Another change of home, however, awaited our young hero. His father, perhaps from the old restless spirit of adventure, but more probably because he found life in a slave State a most unsatisfactory one for himself, and presenting only the prospect of a hopeless struggle in the future for his children, determined upon removal to the wilds of Indiana, where free labor would have no competition with slave labor, and the poor white man might reasonably hope that, in time, his children could take an honorable position, won by industry and careful economy.

So, having sold his Kentucky farm, as the story goes, for ten barrels of whiskey (forty gallons each) valued at two hundred and eighty dollars, besides twenty dollars in money, and having made a trial trip to Indiana to select a location to his liking, which he found in what is now Spencer county, he made his preparations to remove his family to their new home.

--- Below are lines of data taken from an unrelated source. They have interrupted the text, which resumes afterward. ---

(* Consider the quadratic finite-horizon dynamic multi-agent system described in the context, with constants $\gamma,\alpha,\beta,\rho>0$ such that $\|\mathbf x_i(0)\|\le\gamma$, $\|\mathbf A_i\|\le\alpha$, $\|\mathbf B_i\|\le\beta$ and $\mathbf H_i\succeq\rho\mathbf I$ for all $i\in\mathcal V$, and assume $C(t)>0$ for all $t\in\mathcal T$. Let $\lambda^\dagger>0$ and let $\delta_{\max}>0$ satisfy $$\delta_{\max}\sum_{t=1}^{N}\gamma\,\alpha^{2t-1}\le\frac{\sqrt{C(0)\rho}}{n\beta}\lambda^\dagger,$$ and, for every $k\in\mathcal T$ with $k\neq0$, $$\delta_{\max}\sum_{t=k+1}^{N}\Big[\gamma\,\alpha^{2t-k-1}+\beta\sum_{j=0}^{k-1}\sqrt{\tfrac{C(j)}{\rho}}\;\alpha^{2t-j-k-2}\Big]\le\frac{\sqrt{C(k)\rho}}{n\beta}\lambda^\dagger.$$ Then for every choice of symmetric positive definite matrices $\mathbf Q_i,\mathbf R_i$ ($i\in\mathcal V$) with $\|\mathbf Q_i\|\le\delta_{\max}$, every competitive equilibrium $(\boldsymbol\lambda^\ast,\mathbf U^\ast,\mathbf E^\ast)$ satisfies $\lambda^\ast_t\le\lambda^\dagger$ for all $t\in\mathcal T$.
   Context: Finite-horizon dynamic multi-agent system: $n$ agents $\mathcal V=\{1,\dots,n\}$, horizon $N\ge1$, $\mathcal T=\{0,\dots,N-1\}$. Agent $i$ has state $\mathbf x_i(t)\in\mathbb R^d$, input $\mathbf u_i(t)\in\mathbb R^m$, dynamics $\mathbf x_i(t+1)=\mathbf A_i\mathbf x_i(t)+\mathbf B_i\mathbf u_i(t)$ with given $\mathbf x_i(0)$, excess resource $a_i(t)\in\mathbb R$, and $C(t)=\sum_{i=1}^na_i(t)$. Quadratic case: agent $i$'s parameter is $\theta_i=(\mathbf Q_i,\mathbf R_i)$ with $\mathbf Q_i\in\mathbb R^{d\times d}$, $\mathbf R_i\in\mathbb R^{m\times m}$ symmetric positive definite; running utility $f(\mathbf x,\mathbf u;\theta_i)=-\mathbf x^\top\mathbf Q_i\mathbf x-\mathbf u^\top\mathbf R_i\mathbf u$; terminal utility $\phi(\mathbf x;\theta_i)=-\mathbf x^\top\mathbf Q_i\mathbf x$; consumption $h_i(\mathbf u)=\mathbf u^\top\mathbf H_i\mathbf u$ with $\mathbf H_i$ symmetric positive definite. Norms are Euclidean / induced operator norms. A competitive equilibrium is a triple $(\boldsymbol\lambda^\ast,\mathbf U^\ast,\mathbf E^\ast)$, $\boldsymbol\lambda^\ast=(\lambda^\ast_0,\dots,\lambda^\ast_{N-1})\in\mathbb R^N$, such that (i) for each $i\in\mathcal V$, $(\mathbf U_i^\ast,\mathbf E_i^\ast)=((\mathbf u_i^\ast(t))_{t\in\mathcal T},(e_i^\ast(t))_{t\in\mathcal T})$ is a maximizer of $\phi(\mathbf x_i(N);\theta_i)+\sum_{t=0}^{N-1}\big(f(\mathbf x_i(t),\mathbf u_i(t);\theta_i)+\lambda^\ast_t e_i(t)\big)$ over all inputs $\mathbf u_i(t)\in\mathbb R^m$ and trades $e_i(t)\in\mathbb R$ subject to the dynamics and $e_i(t)\le a_i(t)-h_i(\mathbf u_i(t))$ for all $t\in\mathcal T$; and (ii) $\sum_{i=1}^ne_i^\ast(t)=0$ for all $t\in\mathcal T$. *)

From HB Require Import structures.
From mathcomp Require Import all_boot all_order all_algebra.
From mathcomp Require Import classical_sets reals.
Set Implicit Arguments. Unset Strict Implicit. Unset Printing Implicit Defensive.
Import Order.TTheory GRing.Theory Num.Theory.
Local Open Scope ring_scope.
Local Open Scope classical_set_scope.

Section Defs.
Variable R : realType.

Definition vnorm (k : nat) (v : 'cV[R]_k) : R :=
  Num.sqrt (\sum_(i < k) v i 0 ^+ 2).

Definition opnorm (p q : nat) (M : 'M[R]_(p, q)) : R :=
  sup [set vnorm (M *m v) | v in [set v : 'cV[R]_q | vnorm v <= 1]].

Definition quad (k : nat) (M : 'M[R]_k) (v : 'cV[R]_k) : R :=
  ((v^T *m M) *m v) 0 0.

Definition symmetric_mx (k : nat) (M : 'M[R]_k) : Prop := M^T = M.
Definition pos_def (k : nat) (M : 'M[R]_k) : Prop :=
  forall v : 'cV[R]_k, v != 0 -> 0 < quad M v.
Definition sym_pd (k : nat) (M : 'M[R]_k) : Prop := symmetric_mx M /\ pos_def M.
(* positive semidefinite; H >= rho I  is  psd (H - rho%:M) *)
Definition psd (k : nat) (M : 'M[R]_k) : Prop := forall v : 'cV[R]_k, 0 <= quad M v.

Fixpoint traj (d m : nat) (A : 'M[R]_d) (B : 'M[R]_(d, m)) (x0 : 'cV[R]_d)
    (u : nat -> 'cV[R]_m) (t : nat) : 'cV[R]_d :=
  match t with
  | 0 => x0
  | t'.+1 => A *m traj A B x0 u t' + B *m u t'
  end.

Definition Ctot (n : nat) (a : 'I_n -> nat -> R) (t : nat) : R := \sum_(i < n) a i t.

Definition payoff (N d m : nat) (A : 'M[R]_d) (B : 'M[R]_(d, m)) (x0 : 'cV[R]_d)
    (Q : 'M[R]_d) (Rm : 'M[R]_m) (lam : nat -> R)
    (u : nat -> 'cV[R]_m) (e : nat -> R) : R :=
  - quad Q (traj A B x0 u N)
  + \sum_(t < N) (- quad Q (traj A B x0 u t) - quad Rm (u t) + lam t * e t).

Definition feasible (N m : nat) (H : 'M[R]_m) (ai : nat -> R)
    (u : nat -> 'cV[R]_m) (e : nat -> R) : Prop :=
  forall t, (t < N)%N -> e t <= ai t - quad H (u t).

Definition competitive_equilibrium (n N d m : nat)
    (A : 'I_n -> 'M[R]_d) (B : 'I_n -> 'M[R]_(d, m)) (x0 : 'I_n -> 'cV[R]_d)
    (H : 'I_n -> 'M[R]_m) (a : 'I_n -> nat -> R)
    (Q : 'I_n -> 'M[R]_d) (Rm : 'I_n -> 'M[R]_m)
    (lam : nat -> R) (U : 'I_n -> nat -> 'cV[R]_m) (E : 'I_n -> nat -> R) : Prop :=
  (forall i : 'I_n,
     feasible N (H i) (a i) (U i) (E i) /\
     forall (u : nat -> 'cV[R]_m) (e : nat -> R),
       feasible N (H i) (a i) u e ->
       payoff N (A i) (B i) (x0 i) (Q i) (Rm i) lam u e
       <= payoff N (A i) (B i) (x0 i) (Q i) (Rm i) lam (U i) (E i)) /\
  (forall t, (t < N)%N -> \sum_(i < n) E i t = 0).

End Defs.

(* At a positive price lambda_t every budget constraint binds, so the market
   clears with sum_i h_i(u_i(t)) = C(t) and some agent consumes at least C(t)/n.
   That agent's optimal inputs minimise a convex quadratic cost.  Its
   first-order conditions in the directions "u only at time t" and "u from time
   t on", combined with Cauchy-Schwarz for the Q-inner product, give
     lambda_t h(u(t)) <= dmax S alpha beta |x(t)| |u(t)|,
   S = sum_{tau > t} alpha^(2 (tau - t - 1)).  Bounding |x(t)| through the
   dynamics with |u(j)| <= sqrt (C(j) / rho), and using h(u) >= rho |u|^2, the
   hypothesis at k = t turns this into lambda_t <= lambda^dagger. *)

From HB Require Import structures.
From mathcomp Require Import all_boot all_order all_algebra.
From mathcomp Require Import classical_sets reals.
From mathcomp Require Import ring lra zify.
Import Order.TTheory GRing.Theory Num.Theory.
Set Implicit Arguments. Unset Strict Implicit. Unset Printing Implicit Defensive.
Local Open Scope ring_scope.

Section RealInequalities.
Variable R : rcfType.

Lemma le0_of_le_scaled (X Y : R) :
  (forall r, 0 < r -> r <= 1 -> X <= r * Y) -> X <= 0.
Proof.
move=> hXY; rewrite leNgt; apply/negP => X0.
have XY : X <= Y by have := hXY 1 ltr01 (lexx _); rewrite mul1r.
have Y0 : 0 < Y by apply: lt_le_trans XY.
have r0 : 0 < X / (2 * Y) by rewrite divr_gt0 // mulr_gt0.
have r1 : X / (2 * Y) <= 1 by rewrite ler_pdivrMr ?mulr_gt0 // mul1r; lra.
have := hXY _ r0 r1.
have -> : X / (2 * Y) * Y = X / 2 by field; lra.
lra.
Qed.

(* A quadratic [X - 2 t B + t^2 Y] that is nonnegative for all [t] has
   nonpositive discriminant [B^2 - X Y]. *)
Lemma le_sqrtM_of_quadratic_ge0 (X Y B : R) :
  0 <= Y -> (forall t, 0 <= X - 2 * t * B + t ^+ 2 * Y) ->
  B <= Num.sqrt X * Num.sqrt Y.
Proof.
move=> Y0 hq.
have X0 : 0 <= X by have := hq 0; rewrite !(mul0r, mulr0, expr0n) /=; lra.
have [B0|B0] := lerP B 0.
  by apply: le_trans B0 _; rewrite mulr_ge0 ?sqrtr_ge0.
have [Ye|Yn] := eqVneq Y 0.
  have := hq ((X + 1) / (2 * B)); rewrite Ye mulr0 addr0.
  have -> : 2 * ((X + 1) / (2 * B)) * B = X + 1 by field; lra.
  lra.
have Yp : 0 < Y by rewrite lt_neqAle eq_sym Yn.
have B2 : B ^+ 2 <= X * Y.
  have : 0 <= (X - 2 * (B / Y) * B + (B / Y) ^+ 2 * Y) * Y.
    by rewrite mulr_ge0 // ltW.
  have -> : (X - 2 * (B / Y) * B + (B / Y) ^+ 2 * Y) * Y = X * Y - B ^+ 2.
    by field; lra.
  lra.
rewrite -sqrtrM // -(ger0_norm (ltW B0)) -sqrtr_sqr ler_sqrt //.
by rewrite mulr_ge0 // ltW.
Qed.

Lemma big_quadratic (n : nat) (F G K : 'I_n -> R) (r : R) :
  \sum_(i < n) (F i - 2 * r * G i + r ^+ 2 * K i) =
  \sum_(i < n) F i - 2 * r * \sum_(i < n) G i + r ^+ 2 * \sum_(i < n) K i.
Proof. by rewrite big_split sumrB /= !mulr_sumr. Qed.

Lemma cauchy_schwarz_sum (k : nat) (a b : 'I_k -> R) :
  \sum_(i < k) a i * b i <=
  Num.sqrt (\sum_(i < k) a i ^+ 2) * Num.sqrt (\sum_(i < k) b i ^+ 2).
Proof.
apply: le_sqrtM_of_quadratic_ge0; first by apply: sumr_ge0 => i _; rewrite sqr_ge0.
move=> t; rewrite -big_quadratic; apply: sumr_ge0 => i _.
have -> : a i ^+ 2 - 2 * t * (a i * b i) + t ^+ 2 * b i ^+ 2 = (a i - t * b i) ^+ 2.
  by ring.
exact: sqr_ge0.
Qed.

Lemma cauchy_schwarz_sum_sqr (k : nat) (a b : 'I_k -> R) :
  (\sum_(i < k) a i * b i) ^+ 2 <=
  (\sum_(i < k) a i ^+ 2) * (\sum_(i < k) b i ^+ 2).
Proof.
have A0 : 0 <= \sum_(i < k) a i ^+ 2 by apply: sumr_ge0 => i _; rewrite sqr_ge0.
have B0 : 0 <= \sum_(i < k) b i ^+ 2 by apply: sumr_ge0 => i _; rewrite sqr_ge0.
have hpos := cauchy_schwarz_sum a b.
have hneg := cauchy_schwarz_sum (fun i => - a i) b.
have sumNab : \sum_(i < k) (- a i) * b i = - \sum_(i < k) a i * b i.
  by rewrite -sumrN; apply: eq_bigr => i _; rewrite mulNr.
have sumNa2 : \sum_(i < k) (- a i) ^+ 2 = \sum_(i < k) a i ^+ 2.
  by apply: eq_bigr => i _; rewrite sqrrN.
rewrite sumNab sumNa2 in hneg.
rewrite -(sqr_sqrtr A0) -(sqr_sqrtr B0) -exprMn.
rewrite -ler_sqrt ?exprn_ge0 ?mulr_ge0 ?sqrtr_ge0 // !sqrtr_sqr.
rewrite (ger0_norm (mulr_ge0 (sqrtr_ge0 _) (sqrtr_ge0 _))).
rewrite ler_norml hpos andbT; lra.
Qed.

Lemma le_mulr_of_two_bounds (K z p q : R) :
  0 <= z -> 0 <= p -> 0 <= q ->
  K <= z * p - z ^+ 2 -> K <= z * q -> K <= p * q.
Proof.
move=> z0 p0 q0 Kp Kq; have [zp|pz] := lerP z p.
  by apply: le_trans Kq _; rewrite ler_wpM2r.
apply: le_trans Kp _; rewrite expr2 -mulrBr.
apply: (@le_trans _ _ 0); last by rewrite mulr_ge0.
by rewrite mulr_ge0_le0 // subr_le0 ltW.
Qed.
(* Let $A=(a_{ij})$ be a real symmetric $n\times n$ matrix with positive diagonal entries, and suppose there is $\gamma>0$ such that $a_{ii}a_{jj}\ge\gamma^2a_{ij}^2$ for all $i\ne j$. Then every eigenvalue of $A$ lies in $\bigcup_{i=1}^n B\big(a_{ii},a_{ii}(n-1)/\gamma\big)$, where $B(c,r)$ denotes the closed ball (interval) of center $c$ and radius $r$. *)

From mathcomp Require Import all_boot all_order all_algebra.
Set Implicit Arguments. Unset Strict Implicit. Unset Printing Implicit Defensive.

(** Let [v] be a (left) eigenvector for [lambda] and choose [i] maximising the
    weight [A j j * v_j ^ 2]; then [v_i != 0].  Comparing weights with the
    hypothesis [gamma^2 A_ji^2 <= A_ii A_jj] gives [|v_j A_ji| <= |v_i| A_ii / gamma]
    for every [j != i], and the [i]-th coordinate of the eigen-equation,
    [(lambda - A_ii) v_i = \sum_(j != i) v_j A_ji], sums [n - 1] such terms. *)

From mathcomp Require Import all_boot all_order all_algebra.
From mathcomp Require Import ring.

Set Implicit Arguments.
Unset Strict Implicit.
Unset Printing Implicit Defensive.

Import Order.TTheory GRing.Theory Num.Theory.
Local Open Scope ring_scope.

Lemma ler_mul_of_sqr_bounds (R : realDomainType) (x y z a b g : R) :
  0 <= x -> 0 <= z -> 0 <= a ->
  g ^+ 2 * y ^+ 2 <= a * b -> b * x ^+ 2 <= a * z ^+ 2 -> x * y * g <= a * z.
Proof.
move=> x_ge0 z_ge0 a_ge0 hy hx.
have hsqr : (x * y * g) ^+ 2 <= (a * z) ^+ 2.
  have -> : (x * y * g) ^+ 2 = x ^+ 2 * (g ^+ 2 * y ^+ 2) by ring.
  apply: (le_trans (y := x ^+ 2 * (a * b))); first by rewrite ler_wpM2l ?sqr_ge0.
  have -> : x ^+ 2 * (a * b) = a * (b * x ^+ 2) by ring.
  have -> : (a * z) ^+ 2 = a * (a * z ^+ 2) by ring.
  exact: ler_wpM2l.
have [xyg_le0 | xyg_gt0] := lerP (x * y * g) 0.
  exact/(le_trans xyg_le0)/mulr_ge0.
by rewrite -(ler_pXn2r (n := 2)) // nnegrE; [exact: ltW | exact: mulr_ge0].
Qed.

Lemma rV_eigen_coord (R : comPzRingType) (n : nat) (A : 'M[R]_n) (v : 'rV[R]_n)
    (lambda : R) (i : 'I_n) :
  v *m A = lambda *: v ->
  (lambda - A i i) * v 0 i = \sum_(j | j != i) v 0 j * A j i.
Proof.
move=> /(congr1 (fun M : 'rV[R]_n => M 0 i)); rewrite !mxE => hi.
by rewrite mulrBl -hi (bigD1 i) //= (mulrC (A i i)) addrAC subrr add0r.
Qed.

Section WeightedGershgorin.

Variables (R : realFieldType) (n : nat) (A : 'M[R]_n) (gamma : R).
Hypothesis hdiag : forall i : 'I_n, 0 < A i i.
Hypothesis hgamma : 0 < gamma.
Hypothesis hoff : forall i j : 'I_n, i != j -> gamma ^+ 2 * A i j ^+ 2 <= A i i * A j j.

Definition diag_weight (v : 'rV[R]_n) (j : 'I_n) : R := A j j * v 0 j ^+ 2.

Lemma diag_weight_max_neq0 (v : 'rV[R]_n) (i : 'I_n) :
  v != 0 -> (forall j, diag_weight v j <= diag_weight v i) -> v 0 i != 0.
Proof.
case/rV0Pn=> k vk_neq0 imax; have := imax k; rewrite /diag_weight.
apply: contraTneq => ->; rewrite expr0n mulr0 -ltNge.
by rewrite mulr_gt0 // exprn_even_gt0.
Qed.

Variables (v : 'rV[R]_n) (i : 'I_n).
Hypothesis imax : forall j, diag_weight v j <= diag_weight v i.

Lemma offdiag_term_le (j : 'I_n) :
  j != i -> `|v 0 j * A j i| <= `|v 0 i| * A i i / gamma.
Proof.
move=> ji; rewrite ler_pdivlMr // normrM [leRHS]mulrC.
apply: (ler_mul_of_sqr_bounds (b := A j j) (normr_ge0 _) (normr_ge0 _) (ltW (hdiag i))).
  by rewrite real_normK ?num_real // [leRHS]mulrC; exact: hoff.
by rewrite !real_normK ?num_real //; have := imax j; rewrite /diag_weight mulrC.
Qed.

Lemma eigenvalue_dist_diag_le (lambda : R) :
  v *m A = lambda *: v -> v 0 i != 0 ->
  `|lambda - A i i| <= A i i * (n%:R - 1) / gamma.
Proof.
move=> hv vi_neq0; have vi_gt0 : 0 < `|v 0 i| by rewrite normr_gt0.
have hsum : `|lambda - A i i| * `|v 0 i| <= (`|v 0 i| * A i i / gamma) *+ #|predC1 i|.
  rewrite -normrM rV_eigen_coord // -sumr_const.
  apply: le_trans (ler_norm_sum _ _ _) _.
  by apply: ler_sum => j; exact: offdiag_term_le.
have n_gt0 : (0 < n)%N := leq_ltn_trans (leq0n i) (ltn_ord i).
rewrite cardC1 card_ord -subn1 -mulr_natr natrB // in hsum.
rewrite -(ler_pM2r vi_gt0).
suff -> : A i i * (n%:R - 1) / gamma * `|v 0 i| = `|v 0 i| * A i i / gamma * (n%:R - 1) by [].
by ring.
Qed.

End WeightedGershgorin.

Theorem theorem6p4 (R : realFieldType) (n : nat) (A : 'M[R]_n) (gamma : R)
  (hsym : A^T = A)
  (hdiag : forall i : 'I_n, 0 < A i i)
  (hgamma : 0 < gamma)
  (hoff : forall i j : 'I_n, i != j -> gamma ^+ 2 * A i j ^+ 2 <= A i i * A j j)
  (lambda : R) (hev : eigenvalue A lambda) :
  exists i : 'I_n, `|lambda - A i i| <= A i i * (n%:R - 1) / gamma.
Proof.
have [v hv v_neq0] := eigenvalueP hev.
have [k _] := rV0Pn v v_neq0.
have [i _ imax] := arg_maxP (diag_weight A v) (P := xpredT) (i0 := k) isT.
have {}imax j : diag_weight A v j <= diag_weight A v i := imax j isT.
exists i; apply: eigenvalue_dist_diag_le => //.
exact: diag_weight_max_neq0 imax.
Qed.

* Although this story has been discredited by some, yet as such transactions in the disposal of real estate were not uncommon at that period, we see no reason to doubt it, nor to consider it as prejudicial to Thomas Lincoln's character; for it must be remembered that those days were not the days of temperance and "Total Abstinence."

CHAPTER II.

ABRAHAM LINCOLN'S THIRTEEN YEARS IN INDIANA.

Removal of the Lincoln Family to Spencer county, Indiana.-Abraham as a Farm Boy.-As a Marksman.-The Death of his Mother.-The second Marriage of his Father.-Abraham's Education.- His own Account, when President, of his Education.-His Love of Books.The Story of the Damaged Book.-His Voyage to New Orleans as a Flatboatman.-Description of Early Times and Scenes in Indiana.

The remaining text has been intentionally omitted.